I ran my first spider on a server. It was scraping thousands of products. I started it, closed my laptop, and went home feeling proud.
The next morning, I checked the results. Nothing. The spider had stopped 5 minutes after I left.
I didn't know that closing my laptop killed the spider. I wasted an entire day. Then someone taught me about nohup, and everything changed.
Let me explain nohup in the simplest way possible.
The Problem (In Plain English)
What Normally Happens
You connect to your server:
ssh myserver.com
You run your spider:
scrapy crawl myspider
Your spider starts working. You see output on the screen. Everything looks good!
But then:
- You close your laptop
- Your internet disconnects
- You lose WiFi connection
And your spider DIES.
All progress lost. All data lost. Everything stops.
Why? Because when you disconnect from the server, everything you started gets killed.
It's like pulling the plug on a computer while it's working.
What is nohup? (The Simple Explanation)
nohup is a simple command that tells your server:
"Keep this program running, even if I disconnect."
That's it. That's all it does.
Think of it like setting your spider to "run on its own" mode.
How to Use nohup (Step by Step)
Step 1: Connect to Your Server
ssh username@yourserver.com
Replace username with your actual username and yourserver.com with your server address.

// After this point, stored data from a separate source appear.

(* Let $V$ be a finite-dimensional vector space over a field with basis $B=\{v_1,\dots,v_N\}$, and let $S$ be a (possibly infinite) set of pairwise commuting endomorphisms of $V$ such that: (a) for each $T\in S$, after reordering $B$, the matrix of $T$ with respect to $B$ is in Jordan canonical form; (b) for each $T\in S$, every Jordan block of size greater than $1$ has eigenvalue $0$. Let $B'\subset B$ be the set of basis vectors that are (genuine, not merely generalized) eigenvectors of every $T\in S$, and assume that distinct elements of $B'$ are distinguished by their $S$-eigenvalues, i.e.\ for $v_i\neq v_j$ in $B'$ there is $T\in S$ whose eigenvalues on $v_i$ and $v_j$ differ. Let $W\subset V$ be a subspace preserved by every $T\in S$. Then $W\neq0$ if and only if $W$ contains some element of $B'$. *)

(* Conventions: V = 'rV[F]_N (row vectors), basis B = the standard basis
   e_i := delta_mx 0 i.  An endomorphism T of V is represented by a matrix
   A : 'M[F]_N acting on the right, T v = v *m A.  Hence T e_i = row i of A,
   and the matrix of T with respect to B (columns = coordinates of the
   images of the basis vectors) is A^T.  Subspaces of V are row spaces of
   matrices (mxalgebra). *)
From mathcomp Require Import all_boot all_order all_algebra all_fingroup.
Set Implicit Arguments. Unset Strict Implicit. Unset Printing Implicit Defensive.
Import GRing.Theory.
Local Open Scope ring_scope.

Definition basis_vec (F : fieldType) (N : nat) (i : 'I_N) : 'rV[F]_N :=
  delta_mx 0 i.

Definition mat_of_endo (F : fieldType) (N : nat) (A : 'M[F]_N) : 'M[F]_N := A^T.

Definition reorder (F : fieldType) (N : nat) (s : 'S_N) (M : 'M[F]_N)
  : 'M[F]_N := \matrix_(i, j) M (s i) (s j).

(* Blocks are
   the maximal runs of consecutive indices linked by superdiagonal 1's. *)
Definition is_jordan_form (F : fieldType) (N : nat) (M : 'M[F]_N) : Prop :=
  [/\ (forall i j : 'I_N, (j : nat) <> i -> (j : nat) <> i.+1 -> M i j = 0),
      (forall i j : 'I_N, (j : nat) = i.+1 -> M i j = 0 \/ M i j = 1) &
      (forall i j : 'I_N, (j : nat) = i.+1 -> M i j = 1 -> M i i = M j j)].

Definition big_blocks_nilpotent (F : fieldType) (N : nat) (M : 'M[F]_N) : Prop :=
  forall i j : 'I_N, (j : nat) = i.+1 -> M i j = 1 -> M i i = 0.

Definition eigvec_with (F : fieldType) (N : nat) (A : 'M[F]_N) (v : 'rV[F]_N)
  (c : F) : Prop := v != 0 /\ v *m A = c *: v.

Definition is_eigvec (F : fieldType) (N : nat) (A : 'M[F]_N) (v : 'rV[F]_N) : Prop :=
  exists c, eigvec_with A v c.

Definition in_Bprime (F : fieldType) (N : nat) (S : 'M[F]_N -> Prop) (i : 'I_N)
  : Prop := forall A, S A -> is_eigvec A (basis_vec F i).

From mathcomp Require Import all_boot all_order all_algebra all_fingroup.
From Stdlib Require Import Classical.
Set Implicit Arguments. Unset Strict Implicit. Unset Printing Implicit Defensive.
Import GRing.Theory.
Local Open Scope ring_scope.

(* The argument has three parts.
   1. An endomorphism that is triangular in some ordering of the basis has an
      eigenvector in each of its nonzero invariant subspaces; a matrix in
      Jordan form is such.
   2. A commuting family with this property has a common eigenvector in every
      nonzero invariant subspace W: by induction on the rank, either every
      member acts as a scalar on W, or W meets an eigenspace of some member
      in a smaller invariant subspace.
   3. For A in Jordan form, every basis vector in the support of an
      eigenvector u of A is itself an eigenvector with u's eigenvalue.  So
      the support of a common eigenvector u lies in B', and since S
      separates B' this support is a single e_k; thus e_k is a multiple of u
      and lies in W. *)

Definition eig_in_stable (F : fieldType) (N : nat) (A : 'M[F]_N) : Prop :=
  forall U : 'M[F]_N, (U *m A <= U)%MS -> U != 0 ->
  exists c, (U :&: eigenspace A c)%MS != 0.

(* Part 1: triangular endomorphisms.  Here reorder s A is lower triangular,
   i.e. A maps e_(s i) into the span of the e_(s j) with j <= i. *)
Section Triangular.
Variables (F : fieldType) (N : nat) (s : 'S_N) (A : 'M[F]_N).
Hypothesis trigA : is_trig_mx (reorder s A).

Lemma trig_coord (u : 'rV[F]_N) (i : 'I_N) :
    (forall j : 'I_N, (i < j)%N -> u 0 (s j) = 0) ->
  (u *m A) 0 (s i) = A (s i) (s i) * u 0 (s i).
Proof.
move=> u_hi; rewrite mxE (reindex_inj (@perm_inj _ s)) (bigD1 i) //= big1.
  by rewrite addr0 mulrC.
move=> j ne_ji; have [lt_ji|lt_ij|eq_ji] := ltngtP j i.
- by have := elimT is_trig_mxP trigA j i lt_ji; rewrite mxE => ->; rewrite mulr0.
- by rewrite (u_hi _ lt_ij) mul0r.
- by move/val_inj: eq_ji ne_ji => ->; rewrite eqxx.
Qed.

(* descending elimination: replacing u by u *m A - a_ii *: u keeps u in U and
   kills the last coordinate, until u becomes an eigenvector *)
Lemma trig_eig_in_stable : eig_in_stable A.
Proof.
move=> U stU /rowV0Pn[u0 u0U nz_u0].
suff: forall m (u : 'rV[F]_N), (u <= U)%MS -> u != 0 ->
    (forall j : 'I_N, (m <= j)%N -> u 0 (s j) = 0) ->
  exists c, (U :&: eigenspace A c)%MS != 0.
  by move=> /(_ N u0 u0U nz_u0); apply => j; rewrite leqNgt ltn_ord.
elim=> [|m IHm] u uU nz_u u_hi.
  case/negP: nz_u; apply/eqP/rowP => k; rewrite mxE -(permKV s k).
  exact: u_hi.
have [le_Nm|lt_mN] := leqP N m.
  apply: (IHm u) => // j le_mj.
  by move: (leq_trans le_Nm le_mj); rewrite leqNgt ltn_ord.
pose a := A (s (Ordinal lt_mN)) (s (Ordinal lt_mN)).
pose v := u *m A - a *: u.
have [v0|nz_v] := eqVneq v 0.
  exists a; apply/rowV0Pn; exists u => //.
  by rewrite sub_capmx uU; apply/eigenspaceP/eqP; rewrite -subr_eq0 -/v v0.
apply: (IHm v) => //.
  by rewrite addmx_sub ?(submx_trans (submxMr _ uU)) // -scaleNr scalemx_sub.
move=> j le_mj; have -> : v 0 (s j) = (u *m A) 0 (s j) - a * u 0 (s j).
  by rewrite /v [u *m A]lock !mxE -lock.
rewrite trig_coord; last first.
  by move=> k lt_jk; apply: u_hi; apply: leq_trans lt_jk.
have [eq_mj|lt_mj] := eqVneq (m : nat) j.
  have -> : j = Ordinal lt_mN by apply: val_inj; rewrite /= eq_mj.
  by rewrite -/a mulrC subrr.
by rewrite u_hi ?mulr0 ?subrr // ltn_neqAle lt_mj le_mj.
Qed.

End Triangular.

Lemma eigenspace_stable (F : fieldType) (N : nat) (A B U : 'M[F]_N) (c : F) :
  A *m B = B *m A -> (U *m B <= U)%MS ->
  ((U :&: eigenspace A c) *m B <= U :&: eigenspace A c)%MS.
Proof.
move=> AB_BA stU; rewrite sub_capmx (submx_trans (submxMr _ (capmxSl _ _))) //.
apply/eigenspaceP; rewrite -mulmxA -AB_BA mulmxA.
by have /eigenspaceP -> := capmxSr U (eigenspace A c); rewrite scalemxAl.
Qed.

Section CommonEigenvector.
Variables (F : fieldType) (N : nat) (S : 'M[F]_N -> Prop).
Hypothesis S_comm : forall A B, S A -> S B -> A *m B = B *m A.
Hypothesis S_eig : forall A, S A -> eig_in_stable A.

Lemma common_eigvec (U : 'M[F]_N) : U != 0 -> (forall A, S A -> (U *m A <= U)%MS) ->
  exists2 u : 'rV[F]_N, (u <= U)%MS &
    u != 0 /\ forall A, S A -> exists c, u *m A = c *: u.
Proof.
have [r] := ubnP (\rank U); elim: r U => // r IHr U rankU nzU stU.
have [[A [SA not_scalar]]|all_scalar] :=
  classic (exists A, S A /\ forall c, ~ (U <= eigenspace A c)%MS).
  have [c nzUc] := S_eig SA (stU A SA) nzU.
  have UcU : (U :&: eigenspace A c <= U)%MS by apply: capmxSl.
  have ltUcU : (U :&: eigenspace A c < U)%MS.
    rewrite ltmxE UcU /=; apply: contra_notN (not_scalar c).
    by move/submx_trans; apply; apply: capmxSr.
  have [u uUc eig_u] : exists2 u : 'rV[F]_N, (u <= U :&: eigenspace A c)%MS &
      u != 0 /\ forall B, S B -> exists c, u *m B = c *: u.
    apply: IHr => // [|B SB]; last exact: eigenspace_stable (S_comm SA SB) (stU B SB).
    by rewrite -ltnS (leq_trans _ rankU) // ltnS rank_ltmx.
  by exists u => //; apply: submx_trans uUc UcU.
have /rowV0Pn[u uU nz_u] := nzU.
exists u => //; split=> // A SA.
have [c Uc] : exists c, (U <= eigenspace A c)%MS.
  apply: NNPP => no_c; apply: all_scalar; exists A; split=> // c Uc.
  by apply: no_c; exists c.
by exists c; apply/eigenspaceP; apply: submx_trans uU Uc.
Qed.

End CommonEigenvector.

Section JordanEigenvectors.
Variables (F : fieldType) (N : nat) (s : 'S_N) (A : 'M[F]_N).
Let J := reorder s (mat_of_endo A).
Hypothesis jordanJ : is_jordan_form J.

Lemma jordan_entry i j : J i j = A (s j) (s i).
Proof. by rewrite /J /reorder /mat_of_endo !mxE. Qed.

(* J is upper triangular, i.e. its transpose reorder s A is lower triangular *)
Lemma jordan_trig : is_trig_mx (reorder s A).
Proof.
apply/is_trig_mxP => i j lt_ij; rewrite mxE -jordan_entry.
have [offdiag _ _] := jordanJ.
apply: offdiag => [|eq_iSj]; first by apply/eqP; rewrite ltn_eqF.
by move: lt_ij; rewrite eq_iSj ltnNge leqnSn.
Qed.

Lemma jordan_coord (u : 'rV[F]_N) (i : 'I_N) :
  (u *m A) 0 (s i) =
    J i i * u 0 (s i) + \sum_(j : 'I_N | j == i.+1 :> nat) J i j * u 0 (s j).
Proof.
rewrite mxE (reindex_inj (@perm_inj _ s)) (bigD1 i) //= mulrC jordan_entry.
congr (_ + _); rewrite (bigID (fun j : 'I_N => j == i.+1 :> nat)) /=.
rewrite [X in _ + X]big1 ?addr0 => [|j /andP[ne_ji ne_jSi]]; last first.
  case: jordanJ => offdiag _ _; rewrite -jordan_entry offdiag ?mulr0 //.
  - by move/val_inj=> eq_ji; rewrite eq_ji eqxx in ne_ji.
  - exact/eqP.
apply: eq_big => [j|j _]; last by rewrite jordan_entry mulrC.
by case: (eqVneq j i) => [->|//]; rewrite (ltn_eqF (ltnSn i)).
Qed.

Lemma jordan_basis_eig (i : 'I_N) (c : F) : J i i = c ->
    (forall h : 'I_N, i = h.+1 :> nat -> J h i = 0) ->
  basis_vec F (s i) *m A = c *: basis_vec F (s i).
Proof.
case: jordanJ => offdiag _ _ Jii superdiag; apply/rowP => k.
rewrite -(permKV s k); set p := (s^-1 k)%g.
rewrite /basis_vec -rowE !mxE -jordan_entry (inj_eq (@perm_inj _ s)).
have [<-|ne_ip] := eqVneq i p; first by rewrite mulr1.
rewrite mulr0; have [eq_iSp|ne_iSp] := eqVneq (i : nat) p.+1; first exact: superdiag.
by apply: offdiag; [move/val_inj=> eq_ip; rewrite eq_ip eqxx in ne_ip|apply/eqP].
Qed.

Variables (u : 'rV[F]_N) (c : F).
Hypothesis u_eig : u *m A = c *: u.

Let coord_eig (i : 'I_N) : (u *m A) 0 (s i) = c * u 0 (s i).
Proof. by rewrite u_eig mxE. Qed.

(* along a Jordan chain, a superdiagonal 1 feeding a coordinate of u with
   the right eigenvalue would break the eigen-equation one step earlier *)
Lemma jordan_eig_superdiag (h j : 'I_N) : j = h.+1 :> nat ->
  u 0 (s j) != 0 -> J j j = c -> J h j = 0.
Proof.
move=> eq_jSh nz_j Jjj; have [_ superdiag chain] := jordanJ.
have [//|Jhj] := superdiag h j eq_jSh.
have := coord_eig h; rewrite jordan_coord (big_pred1 j) => [|k]; last first.
  by rewrite /= -eq_jSh val_eqE.
rewrite Jhj mul1r (chain h j eq_jSh Jhj) Jjj => /eqP.
by rewrite -[X in _ == X]addr0 (inj_eq (addrI _)) (negbTE nz_j).
Qed.

Lemma jordan_eig_diag (i : 'I_N) : u 0 (s i) != 0 -> J i i = c.
Proof.
have [n] := ubnP (N - i); elim: n i => // n IHn i lt_n nz_i.
have := coord_eig i; rewrite jordan_coord big1 ?addr0 => [|j /eqP eq_jSi].
  by move/(mulIf nz_i).
have [->|nz_j] := eqVneq (u 0 (s j)) 0; first by rewrite mulr0.
rewrite (jordan_eig_superdiag eq_jSi nz_j) ?mul0r //.
apply: IHn nz_j; rewrite ltnS in lt_n; apply: leq_trans lt_n; rewrite eq_jSi.
exact: ltn_sub2l (ltn_ord i) (ltnSn i).
Qed.

Lemma jordan_eigvec_support (k : 'I_N) : u 0 k != 0 ->
  basis_vec F k *m A = c *: basis_vec F k.
Proof.
rewrite -(permKV s k) => nz_k; apply: jordan_basis_eig.
  exact: jordan_eig_diag.
move=> h eq_kSh; apply: jordan_eig_superdiag => //; exact: jordan_eig_diag.
Qed.

End JordanEigenvectors.

Lemma basis_vec_neq0 (F : fieldType) (N : nat) (k : 'I_N) : basis_vec F k != 0.
Proof. by apply/rV0Pn; exists k; rewrite mxE !eqxx oner_eq0. Qed.

Lemma basis_eigval_uniq (F : fieldType) (N : nat) (A : 'M[F]_N) (k : 'I_N) (a b : F) :
  eigvec_with A (basis_vec F k) a -> basis_vec F k *m A = b *: basis_vec F k -> a = b.
Proof.
move=> [_ ->] /(congr1 (fun v : 'rV[F]_N => v 0 k)).
by rewrite !mxE !eqxx !mulr1.
Qed.

Lemma supported_at (F : fieldType) (N : nat) (u : 'rV[F]_N) (k : 'I_N) :
  (forall j, j != k -> u 0 j = 0) -> u = u 0 k *: basis_vec F k.
Proof.
move=> supp; rewrite {1}[u]row_sum_delta (bigD1 k) //= big1 ?addr0 // => j ne_jk.
by rewrite supp ?scale0r.
Qed.

Section CommonJordan.
Variables (F : fieldType) (N : nat) (S : 'M[F]_N -> Prop).
Hypothesis S_jordan : forall A, S A ->
  exists s : 'S_N, is_jordan_form (reorder s (mat_of_endo A)).

Lemma jordan_eig_in_stable A : S A -> eig_in_stable A.
Proof.
by move=> SA; have [s J] := S_jordan SA; apply: trig_eig_in_stable (jordan_trig J).
Qed.

Variable u : 'rV[F]_N.
Hypothesis u_eig : forall A, S A -> exists c, u *m A = c *: u.

Lemma common_eigvec_support A c k : S A -> u *m A = c *: u -> u 0 k != 0 ->
  basis_vec F k *m A = c *: basis_vec F k.
Proof.
move=> SA uA nz_k; have [s J] := S_jordan SA.
exact: (jordan_eigvec_support J uA nz_k).
Qed.

Lemma common_eigvec_Bprime k : u 0 k != 0 -> in_Bprime S k.
Proof.
move=> nz_k A SA; have [c uA] := u_eig SA.
by exists c; split; [exact: basis_vec_neq0 | exact: common_eigvec_support uA nz_k].
Qed.

Hypothesis S_sep : forall i j : 'I_N, in_Bprime S i -> in_Bprime S j -> i != j ->
  exists A, [/\ S A & exists ci cj, [/\ eigvec_with A (basis_vec F i) ci,
                                        eigvec_with A (basis_vec F j) cj &
                                        ci != cj]].

Lemma common_eigvec_basis : u != 0 ->
  exists k, [/\ in_Bprime S k, u 0 k != 0 & u = u 0 k *: basis_vec F k].
Proof.
case/rV0Pn=> k nz_k; exists k; split=> //; first exact: common_eigvec_Bprime.
apply: supported_at => j ne_jk; apply/eqP/idPn => nz_j.
have [A [SA [ci [ck [ej ek]]]]] :=
  S_sep (common_eigvec_Bprime nz_j) (common_eigvec_Bprime nz_k) ne_jk.
have [c uA] := u_eig SA.
rewrite (basis_eigval_uniq ej (common_eigvec_support SA uA nz_j)).
by rewrite (basis_eigval_uniq ek (common_eigvec_support SA uA nz_k)) eqxx.
Qed.

End CommonJordan.

Theorem lemma5p2 (F : fieldType) (N : nat) (S : 'M[F]_N -> Prop)
  (Hcomm : forall A B, S A -> S B -> A *m B = B *m A)
  (Hjordan : forall A, S A -> exists s : 'S_N,
      is_jordan_form (reorder s (mat_of_endo A)) /\
      big_blocks_nilpotent (reorder s (mat_of_endo A)))
  (Hsep : forall i j : 'I_N, in_Bprime S i -> in_Bprime S j -> i != j ->
      exists A, [/\ S A & exists ci cj, [/\ eigvec_with A (basis_vec F i) ci,
                                              eigvec_with A (basis_vec F j) cj &
                                              ci != cj]])
  (W : 'M[F]_N)
  (HW : forall A, S A -> (W *m A <= W)%MS) :
  W != 0 <-> exists i : 'I_N, in_Bprime S i /\ (basis_vec F i <= W)%MS.
Proof.
have S_jordan A : S A -> exists s : 'S_N, is_jordan_form (reorder s (mat_of_endo A)).
  by move=> SA; have [s [J _]] := Hjordan A SA; exists s.
split=> [nzW|[k [_ ekW]]]; last first.
  by apply: contraTneq ekW => ->; rewrite submx0 basis_vec_neq0.
have [u uW [nz_u u_eig]] :=
  common_eigvec Hcomm (jordan_eig_in_stable S_jordan) nzW HW.
have [k [Bk nz_k u_k]] := common_eigvec_basis S_jordan u_eig Hsep nz_u.
exists k; split=> //.
by rewrite -(scalerK nz_k (basis_vec F k)) -u_k scalemx_sub.
Qed.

Step 2: Go to Your Project Folder
cd /home/username/my_scrapy_project
Step 3: Run Your Spider with nohup
Instead of:
scrapy crawl myspider
Type this:
nohup scrapy crawl myspider &
That's it! Notice two things:
-
nohupat the beginning -
&at the end
Step 4: You'll See This
nohup: ignoring input and appending output to 'nohup.out'
This means it's working!
Step 5: Disconnect Safely
Now you can:
- Close your laptop
- Turn off your computer
- Disconnect from WiFi
Your spider keeps running!
What Does Each Part Mean?
Let's break down the command:
nohup scrapy crawl myspider &
nohup = "no hangup" (keep running when I disconnect)
scrapy crawl myspider = your normal spider command
& = run in background (give me my terminal back)
Where Did My Output Go?
When you use nohup, output doesn't show on screen. It goes to a file.
Check the Output File
cat nohup.out
This shows everything your spider printed.
Watch It Live
tail -f nohup.out
This shows the output as it happens, like watching it live.
Press Ctrl+C to stop watching (spider keeps running).
How to Check if Your Spider is Running
After you start your spider with nohup, how do you know it's still working?
Check Running Processes
ps aux | grep scrapy
You'll see something like:
username 12345 5.2 2.1 python scrapy crawl myspider
If you see this, your spider is running!
The number (12345) is the process ID. Remember it.
How to Stop Your Spider
Find the Process ID
ps aux | grep scrapy
Look for the number in the second column. Let's say it's 12345.
Stop the Spider
kill 12345
Replace 12345 with your actual process ID.
Your spider stops gracefully (finishes what it's doing, then stops).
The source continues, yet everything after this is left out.